Переводчики стихов сетуют на “непереводимость” слов, на то, что иноязычное слово, скажем, английское или немецкое, не имеет “аналога” в русском, его приходится перелагать двумя, а то и тремя словами — поди втисни в строку. И это еще — в лучшем случае.
В худшем — как, опять же, у Хлебникова. “В этот день голубых медведей, Пробежавшим по тихим ресницам”… В немецком, чешском и некоторых других языках попросту нет “голубого”, есть “синий” (который и у Хлебникова появляется — в следующем, третьем стихе). Отлично владевший русским чешский поэт Иржи Тауфер, помучившись, сдался, так и перевел — “синих”, испортив двойной “синькой” первую строфу, исказив тем самым все стихотворение…

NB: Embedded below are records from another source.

(* Let $\{(Q^{m,n}_{ij})_{i,j\in\mathbb{N}}\}$ be a discrete time Markov process. Suppose there exist $k_0\in\mathbb{N}$ and a sequence $(\lambda_n)$ with $0<\lambda_n<1$ for all $n$, satisfying $\sum_{n}\lambda_n=\infty$ and $\sum_{j=1}^n\frac{\prod_{k=1}^n(1-\lambda_k)}{1-\lambda_j}\to0$ as $n\to\infty$, such that $Q^{n-1,n}_{ik_0}\ge\lambda_n$ for all $i\in\mathbb{N}$ and all $n$ (for which $Q^{n-1,n}$ is defined). Then the Markov process satisfies the ergodic principle, i.e. $\lim_{n\to\infty}|Q^{m,n}_{ik}-Q^{m,n}_{jk}|=0$ for every $i,j,k,m$.
   Context: $\mathbb{N}=\{1,2,\dots\}$. A matrix $(Q_{ij})_{i,j\in\mathbb{N}}$ is stochastic if $Q_{ij}\ge0$ and $\sum_jQ_{ij}=1$ for every $i$. A discrete time Markov process is a family of stochastic matrices $\{(Q^{m,n}_{ij})_{i,j\in\mathbb{N}}\}$ indexed by integer times $m<n$, satisfying the Kolmogorov–Chapman equation $Q^{m,l}_{ij}=\sum_{k=1}^\infty Q^{m,n}_{ik}Q^{n,l}_{kj}$ for all $m<n<l$ and all $i,j$. *)

From Stdlib Require Import Reals.
From Coquelicot Require Import Coquelicot.
Open Scope R_scope.

(* States: the paper's index set N = {1,2,...} is relabelled as nat = {0,1,...}
   (state i of the paper is state i-1 here).  Times: nonnegative integers. *)

(* A family Q m n i j of matrices indexed by times m < n. *)
Definition process := nat -> nat -> nat -> nat -> R.

Definition stochastic_family (Q : process) : Prop :=
  forall m n, (m < n)%nat ->
    (forall i j, 0 <= Q m n i j) /\ (forall i, is_series (fun j => Q m n i j) 1).

Definition kolmogorov_chapman (Q : process) : Prop :=
  forall m n l, (m < n)%nat -> (n < l)%nat ->
    forall i j, is_series (fun k => Q m n i k * Q n l k j) (Q m l i j).

Definition markov_process (Q : process) : Prop :=
  stochastic_family Q /\ kolmogorov_chapman Q.

Fixpoint prod_1_n (f : nat -> R) (n : nat) : R :=
  match n with
  | O => 1
  | S n' => prod_1_n f n' * f (S n')
  end.

Definition ergodic_principle (Q : process) : Prop :=
  forall i j k m, is_lim_seq (fun n => Rabs (Q m n i k - Q m n j k)) 0.

From Stdlib Require Import Reals Lra Lia.
From Coquelicot Require Import Coquelicot.
Open Scope R_scope.

(* Doeblin's argument.  Since every row of Q^{n-1,n} puts mass at least
   lambda_n on the state k0, the Kolmogorov-Chapman equation writes each entry
   Q^{n-1,l}_{ik} as lambda_n Q^{n,l}_{k0 k} plus (1 - lambda_n) times an average
   of the Q^{n,l}_{jk}.  Hence the spread of the k-th column of Q^{m,l} over
   the initial states is contracted by 1 - lambda_n at every step, so it is at
   most prod_{t=m+1}^{l-1} (1 - lambda_t) <= exp (- sum_{t=m+1}^{l-1} lambda_t),
   which tends to 0 because sum lambda_t diverges. *)

Lemma series_nonneg_term_le (g : nat -> R) (s : R) (k : nat) :
  (forall n, 0 <= g n) -> is_series g s -> g k <= s.
Proof.
  intros Hg Hs.
  assert (Hpartial : forall n, sum_n g n <= s).
  { apply growing_ineq.
    - intro n; rewrite sum_Sn; specialize (Hg (S n)).
      change (sum_n g n <= sum_n g n + g (S n)); lra.
    - apply is_lim_seq_Reals; exact Hs. }
  specialize (Hpartial k).
  destruct k as [|k]; [rewrite sum_O in Hpartial; exact Hpartial|].
  rewrite sum_Sn in Hpartial; change (sum_n g k + g (S k) <= s) in Hpartial.
  assert (Hprefix : 0 <= sum_n g k).
  { rewrite <- (sum_n_m_const_zero 0 k : sum_n_m (fun _ => 0) 0 k = 0).
    apply sum_n_m_le; exact Hg. }
  lra.
Qed.

Lemma series_mixture_bounds (p f : nat -> R) (a c lam s : R) (k0 : nat) :
  (forall l, 0 <= p l) -> is_series p 1 -> (forall l, a <= f l <= a + c) ->
  lam <= p k0 -> is_series (fun l => p l * f l) s ->
  lam * f k0 + (1 - lam) * a <= s <= lam * f k0 + (1 - lam) * (a + c).
Proof.
  intros Hp Hp1 Hf Hlam Hs.
  assert (Hlow : is_series (fun l => p l * (f l - a)) (s - 1 * a)).
  { apply (is_series_ext (fun l => p l * f l - p l * a)); [intro l; simpl; ring|].
    exact (is_series_minus _ _ _ _ Hs (is_series_scal_r a _ _ Hp1)). }
  assert (Hhigh : is_series (fun l => p l * (a + c - f l)) (1 * (a + c) - s)).
  { apply (is_series_ext (fun l => p l * (a + c) - p l * f l)); [intro l; simpl; ring|].
    exact (is_series_minus _ _ _ _ (is_series_scal_r (a + c) _ _ Hp1) Hs). }
  assert (Hnonneg : forall l, 0 <= f l - a /\ 0 <= a + c - f l)
    by (intro l; specialize (Hf l); lra).
  pose proof (series_nonneg_term_le _ _ k0
    (fun l => Rmult_le_pos _ _ (Hp l) (proj1 (Hnonneg l))) Hlow).
  pose proof (series_nonneg_term_le _ _ k0
    (fun l => Rmult_le_pos _ _ (Hp l) (proj2 (Hnonneg l))) Hhigh).
  destruct (Hnonneg k0).
  split; nra.
Qed.

Definition column_spread_le (Q : process) (m n k : nat) (c : R) : Prop :=
  exists a, forall i, a <= Q m n i k <= a + c.

Lemma column_spread_le_Rabs (Q : process) (m n k : nat) (c : R) :
  column_spread_le Q m n k c -> forall i j, Rabs (Q m n i k - Q m n j k) <= c.
Proof.
  intros [a Ha] i j.
  pose proof (Ha i); pose proof (Ha j).
  apply Rabs_le; lra.
Qed.

Lemma column_spread_le_1 (Q : process) (m n k : nat) :
  stochastic_family Q -> (m < n)%nat -> column_spread_le Q m n k 1.
Proof.
  intros HQ Hmn.
  destruct (HQ m n Hmn) as [Hnonneg Hrows].
  exists 0; intro i.
  pose proof (series_nonneg_term_le _ _ k (Hnonneg i) (Hrows i)).
  specialize (Hnonneg i k); lra.
Qed.

Lemma column_spread_le_step (Q : process) (m n k k0 : nat) (lam c : R) :
  markov_process Q -> (S m < n)%nat -> (forall i, lam <= Q m (S m) i k0) ->
  column_spread_le Q (S m) n k c -> column_spread_le Q m n k ((1 - lam) * c).
Proof.
  intros [Hstoch Hkc] Hmn Hmin [a Ha].
  destruct (Hstoch m (S m) (Nat.lt_succ_diag_r m)) as [Hnonneg Hrows].
  exists (lam * Q (S m) n k0 k + (1 - lam) * a); intro i.
  pose proof (series_mixture_bounds _ (fun l => Q (S m) n l k) a c lam _ k0
    (Hnonneg i) (Hrows i) Ha (Hmin i) (Hkc m (S m) n (Nat.lt_succ_diag_r m) Hmn i k)).
  lra.
Qed.

Fixpoint contraction_factor (lam : nat -> R) (m d : nat) : R :=
  match d with
  | O => 1
  | S d' => (1 - lam (S m)) * contraction_factor lam (S m) d'
  end.

Lemma column_spread_le_contraction (Q : process) (k0 k : nat) (lam : nat -> R) :
  markov_process Q -> (forall m i, lam (S m) <= Q m (S m) i k0) ->
  forall d m, column_spread_le Q m (m + 1 + d) k (contraction_factor lam m d).
Proof.
  intros HQ Hmin d; induction d as [|d IH]; intro m.
  - apply column_spread_le_1; [apply HQ | lia].
  - replace (m + 1 + S d)%nat with (S m + 1 + d)%nat by lia.
    apply (column_spread_le_step Q m _ k k0); [exact HQ | lia | apply Hmin | apply IH].
Qed.

Lemma contraction_factor_bounds (lam : nat -> R) (m d : nat) :
  (forall t, (1 <= t)%nat -> lam t <= 1) ->
  0 <= contraction_factor lam m d <= exp (- sum_n_m lam (S m) (m + d)).
Proof.
  intros Hlam; revert m; induction d as [|d IH]; intro m; simpl.
  - rewrite sum_n_m_zero by lia; change (0 <= 1 <= exp (- 0)).
    rewrite Ropp_0, exp_0; lra.
  - rewrite sum_Sn_m by lia; change (plus ?x ?y) with (x + y).
    replace (m + S d)%nat with (S m + d)%nat by lia.
    rewrite Ropp_plus_distr, exp_plus.
    destruct (IH (S m)) as [Hpos Hle].
    assert (Hstep : 0 <= 1 - lam (S m) <= exp (- lam (S m))).
    { pose proof (exp_ineq1_le (- lam (S m))); pose proof (Hlam (S m) ltac:(lia)); lra. }
    split; [apply Rmult_le_pos | apply Rmult_le_compat]; lra.
Qed.

Lemma window_sum_divergent (lam : nat -> R) (m : nat) :
  is_lim_seq (fun N => sum_n_m lam 1 N) p_infty ->
  is_lim_seq (fun d => sum_n_m lam (S m) (m + d)) p_infty.
Proof.
  intros Hdiv.
  apply (is_lim_seq_ext (fun d => sum_n_m lam 1 (d + m) - sum_n_m lam 1 m)).
  - intro d; rewrite (sum_n_m_Chasles lam 1 m (d + m)) by lia.
    change (plus ?x ?y) with (x + y); rewrite Nat.add_comm; ring.
  - apply (is_lim_seq_minus _ _ p_infty (sum_n_m lam 1 m)).
    + exact (proj1 (is_lim_seq_incr_n _ m _) Hdiv).
    + apply is_lim_seq_const.
    + reflexivity.
Qed.

Lemma contraction_factor_lim0 (lam : nat -> R) (m : nat) :
  (forall t, (1 <= t)%nat -> lam t <= 1) ->
  is_lim_seq (fun N => sum_n_m lam 1 N) p_infty ->
  is_lim_seq (contraction_factor lam m) 0.
Proof.
  intros Hlam Hdiv.
  apply (is_lim_seq_le_le (fun _ => 0) _ (fun d => exp (- sum_n_m lam (S m) (m + d)))).
  - intro d; exact (contraction_factor_bounds lam m d Hlam).
  - apply is_lim_seq_const.
  - pose proof (proj1 (is_lim_seq_opp _ _) (window_sum_divergent lam m Hdiv)) as Hopp.
    exact (filterlim_comp _ _ _ _ exp _ _ _ Hopp is_lim_exp_m).
Qed.

Theorem theorem3p3 (Q : process) (k0 : nat) (lambda : nat -> R) :
  markov_process Q ->
  (forall n, (1 <= n)%nat -> 0 < lambda n < 1) ->
  is_lim_seq (fun N => sum_n_m lambda 1 N) p_infty ->
  is_lim_seq
    (fun n => sum_n_m (fun j => prod_1_n (fun k => 1 - lambda k) n / (1 - lambda j)) 1 n)
    0 ->
  (forall n i, (1 <= n)%nat -> lambda n <= Q (n - 1)%nat n i k0) ->
  ergodic_principle Q.
Proof.
  intros HQ Hlam Hdiv _ Hmin i j k m.
  assert (Hmin' : forall m i, lambda (S m) <= Q m (S m) i k0).
  { intros m' i'; pose proof (Hmin (S m') i' ltac:(lia)) as H.
    rewrite Nat.sub_succ, Nat.sub_0_r in H; exact H. }
  assert (Hle1 : forall t, (1 <= t)%nat -> lambda t <= 1)
    by (intros t Ht; pose proof (Hlam t Ht); lra).
  apply (is_lim_seq_incr_n _ (S m)).
  apply (is_lim_seq_le_le (fun _ => 0) _ (contraction_factor lambda m)).
  - intro d; split; [apply Rabs_pos|].
    replace (d + S m)%nat with (m + 1 + d)%nat by lia.
    apply column_spread_le_Rabs, (column_spread_le_contraction Q k0); assumption.
  - apply is_lim_seq_const.
  - exact (contraction_factor_lim0 lambda m Hle1 Hdiv).
Qed.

По-моему, Хлебников, как мало кто из поэтов, остро чувствовал подчас нехватку слов, их недостаточность — и смысловую, и звуковую — для своих переводов. Так возникало его словотворчество, его неологизмы, всегда укорененные в язык, стало быть, понятные, внятные. И словотворчество тем более естественное, что язык-то молод, продолжает расти и формироваться, обрастает заимствованиями из других языков (в которых, впрочем, Хлебников тоже слышит неточности, потому как иноязычие есть иномыслие). Эти неологизмы почти по-детски, да что там, без “почти”, просты, как в “Заклятии смехом”, ясны и ребенку.
“Семилетний мальчик, сыненок знакомых читал “О, рассмейтесь, смехачи”. Мы с ним беседовали и чувствовали себя заговорщиками среди взрослых”.
Изрядному количеству хлебниковских неологизмов запросто нашлось бы место в систематизированной Корнеем Чуковским коллекции “От двух до пяти”.
И ничего удивительного в том, что Генрих Сапгир, у которого стихи Хлебникова пребывали, так сказать, “на ближней полке”, произвел своих “смеянцев” — да и всю “страну Хохотанию” — от хлебниковских “смехачей”. Узнаваемо…
То, что Щерба формулировал академически, Хлебников понимал практически: что язык и речь — не одно и то же, что язык, например, позволяет построить конструкцию, которая будет целиком состоять из слов, из коих каждое в отдельности — совершенно непонятно, необъяснимо, “несуществующе”, но все вместе они образуют некий текст, где смысл будет вполне ясен.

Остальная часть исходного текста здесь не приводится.